▸ **Task directions**
Match the string "forallP" against each line below, and copy every line that matches.

▸ **Provided records**
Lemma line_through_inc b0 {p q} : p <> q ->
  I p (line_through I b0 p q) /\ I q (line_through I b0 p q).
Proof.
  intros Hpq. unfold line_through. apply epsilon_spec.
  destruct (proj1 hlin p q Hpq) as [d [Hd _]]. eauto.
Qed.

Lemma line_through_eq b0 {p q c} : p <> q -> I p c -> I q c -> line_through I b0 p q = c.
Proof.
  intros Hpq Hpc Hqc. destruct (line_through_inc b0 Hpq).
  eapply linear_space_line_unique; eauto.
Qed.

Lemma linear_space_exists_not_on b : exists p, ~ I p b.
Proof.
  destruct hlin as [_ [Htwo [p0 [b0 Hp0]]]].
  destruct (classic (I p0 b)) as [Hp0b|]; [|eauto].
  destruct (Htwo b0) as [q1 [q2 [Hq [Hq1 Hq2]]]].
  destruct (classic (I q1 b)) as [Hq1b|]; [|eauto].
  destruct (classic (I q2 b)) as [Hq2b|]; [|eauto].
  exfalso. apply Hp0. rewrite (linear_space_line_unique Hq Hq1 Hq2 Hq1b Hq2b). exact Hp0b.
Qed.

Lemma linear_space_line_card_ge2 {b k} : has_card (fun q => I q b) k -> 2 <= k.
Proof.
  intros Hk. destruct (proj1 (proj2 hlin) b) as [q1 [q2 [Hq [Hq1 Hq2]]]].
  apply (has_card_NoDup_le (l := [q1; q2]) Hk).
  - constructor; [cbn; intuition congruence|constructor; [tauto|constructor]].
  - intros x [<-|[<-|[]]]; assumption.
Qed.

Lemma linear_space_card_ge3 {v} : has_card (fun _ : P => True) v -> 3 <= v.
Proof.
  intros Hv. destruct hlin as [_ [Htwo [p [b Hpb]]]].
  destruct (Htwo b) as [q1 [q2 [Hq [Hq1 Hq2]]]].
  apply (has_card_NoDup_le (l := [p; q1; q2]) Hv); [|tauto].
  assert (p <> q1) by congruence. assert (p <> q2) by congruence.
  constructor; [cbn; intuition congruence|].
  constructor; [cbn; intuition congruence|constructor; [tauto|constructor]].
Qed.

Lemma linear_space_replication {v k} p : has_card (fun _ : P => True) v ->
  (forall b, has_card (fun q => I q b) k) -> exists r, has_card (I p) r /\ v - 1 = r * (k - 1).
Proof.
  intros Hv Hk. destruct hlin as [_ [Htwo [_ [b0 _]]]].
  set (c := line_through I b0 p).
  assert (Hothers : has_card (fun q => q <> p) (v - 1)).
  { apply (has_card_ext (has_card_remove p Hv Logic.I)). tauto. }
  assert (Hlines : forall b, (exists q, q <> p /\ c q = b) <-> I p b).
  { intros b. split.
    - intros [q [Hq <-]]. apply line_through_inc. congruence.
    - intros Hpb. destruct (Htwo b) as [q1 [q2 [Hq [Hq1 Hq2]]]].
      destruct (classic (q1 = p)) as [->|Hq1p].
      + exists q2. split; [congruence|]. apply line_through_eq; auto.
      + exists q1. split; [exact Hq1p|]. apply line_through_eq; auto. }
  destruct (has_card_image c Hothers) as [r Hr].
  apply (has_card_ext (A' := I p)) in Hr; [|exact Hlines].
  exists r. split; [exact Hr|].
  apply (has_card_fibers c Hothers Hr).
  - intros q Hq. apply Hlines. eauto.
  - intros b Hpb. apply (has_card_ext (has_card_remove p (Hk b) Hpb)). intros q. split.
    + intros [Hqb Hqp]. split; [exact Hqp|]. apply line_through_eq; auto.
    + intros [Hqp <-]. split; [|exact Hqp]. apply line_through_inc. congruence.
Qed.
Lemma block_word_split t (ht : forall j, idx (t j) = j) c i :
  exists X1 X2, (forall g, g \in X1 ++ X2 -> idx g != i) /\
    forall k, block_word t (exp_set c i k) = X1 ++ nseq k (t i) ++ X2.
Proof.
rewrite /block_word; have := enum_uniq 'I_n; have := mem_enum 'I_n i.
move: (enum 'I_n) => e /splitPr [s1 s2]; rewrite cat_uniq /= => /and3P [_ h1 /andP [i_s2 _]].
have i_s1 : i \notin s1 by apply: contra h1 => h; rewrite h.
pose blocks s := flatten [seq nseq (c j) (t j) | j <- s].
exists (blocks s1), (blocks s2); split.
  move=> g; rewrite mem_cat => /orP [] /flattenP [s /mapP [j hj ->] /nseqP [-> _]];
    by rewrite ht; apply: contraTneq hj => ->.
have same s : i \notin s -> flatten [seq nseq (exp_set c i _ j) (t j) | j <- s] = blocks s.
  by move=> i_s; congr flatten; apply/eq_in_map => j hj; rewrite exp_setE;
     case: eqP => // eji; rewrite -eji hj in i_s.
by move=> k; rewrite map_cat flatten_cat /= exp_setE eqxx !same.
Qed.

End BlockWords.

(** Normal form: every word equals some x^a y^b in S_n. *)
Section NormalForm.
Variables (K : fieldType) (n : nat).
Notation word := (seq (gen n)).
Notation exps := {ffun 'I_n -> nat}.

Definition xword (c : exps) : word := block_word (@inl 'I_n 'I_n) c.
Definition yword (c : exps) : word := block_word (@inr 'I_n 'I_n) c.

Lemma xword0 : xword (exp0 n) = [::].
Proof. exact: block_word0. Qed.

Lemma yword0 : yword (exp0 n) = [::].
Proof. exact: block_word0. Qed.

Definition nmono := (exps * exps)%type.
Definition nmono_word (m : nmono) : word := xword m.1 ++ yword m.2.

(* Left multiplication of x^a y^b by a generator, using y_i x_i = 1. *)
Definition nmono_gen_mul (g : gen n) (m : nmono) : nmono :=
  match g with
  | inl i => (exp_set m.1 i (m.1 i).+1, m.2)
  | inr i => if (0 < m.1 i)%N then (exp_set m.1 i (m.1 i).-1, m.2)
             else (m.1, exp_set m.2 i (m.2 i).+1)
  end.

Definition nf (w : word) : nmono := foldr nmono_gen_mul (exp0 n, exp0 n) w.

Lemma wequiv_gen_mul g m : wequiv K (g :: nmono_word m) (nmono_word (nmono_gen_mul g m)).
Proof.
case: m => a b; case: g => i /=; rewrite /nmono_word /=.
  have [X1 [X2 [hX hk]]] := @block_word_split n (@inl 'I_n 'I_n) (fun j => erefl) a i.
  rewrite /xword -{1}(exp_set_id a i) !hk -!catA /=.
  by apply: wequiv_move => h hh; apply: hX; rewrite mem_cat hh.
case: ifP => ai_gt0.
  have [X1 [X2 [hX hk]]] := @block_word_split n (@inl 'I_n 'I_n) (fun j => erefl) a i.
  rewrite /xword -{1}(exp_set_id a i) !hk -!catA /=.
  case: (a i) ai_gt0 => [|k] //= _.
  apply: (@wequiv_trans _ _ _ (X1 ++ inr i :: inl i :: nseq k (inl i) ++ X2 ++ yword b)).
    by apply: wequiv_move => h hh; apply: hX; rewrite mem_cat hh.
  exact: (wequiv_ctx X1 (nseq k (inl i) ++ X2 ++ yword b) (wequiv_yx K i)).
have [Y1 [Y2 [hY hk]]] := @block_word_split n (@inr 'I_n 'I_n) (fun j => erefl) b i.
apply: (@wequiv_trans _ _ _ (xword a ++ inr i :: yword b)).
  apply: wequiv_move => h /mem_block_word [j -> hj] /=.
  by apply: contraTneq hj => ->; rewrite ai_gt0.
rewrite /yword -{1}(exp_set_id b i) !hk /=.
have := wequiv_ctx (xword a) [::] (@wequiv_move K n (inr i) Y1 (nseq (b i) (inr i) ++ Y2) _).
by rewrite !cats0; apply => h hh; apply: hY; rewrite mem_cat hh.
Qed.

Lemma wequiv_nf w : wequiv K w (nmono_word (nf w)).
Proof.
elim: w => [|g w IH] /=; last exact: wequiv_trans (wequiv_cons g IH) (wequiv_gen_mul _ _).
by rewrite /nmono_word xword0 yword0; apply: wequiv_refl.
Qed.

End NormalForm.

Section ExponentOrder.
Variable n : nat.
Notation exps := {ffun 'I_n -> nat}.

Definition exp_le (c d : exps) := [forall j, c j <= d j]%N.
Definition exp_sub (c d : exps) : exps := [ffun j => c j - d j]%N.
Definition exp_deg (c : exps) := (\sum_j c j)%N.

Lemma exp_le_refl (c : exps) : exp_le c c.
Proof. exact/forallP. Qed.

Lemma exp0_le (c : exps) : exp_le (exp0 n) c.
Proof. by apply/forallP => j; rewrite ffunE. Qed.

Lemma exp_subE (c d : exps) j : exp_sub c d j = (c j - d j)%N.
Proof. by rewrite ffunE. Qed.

▸ **Answer for the task**
Proof. exact/forallP. Qed.
Proof. by apply/forallP => j; rewrite ffunE. Qed.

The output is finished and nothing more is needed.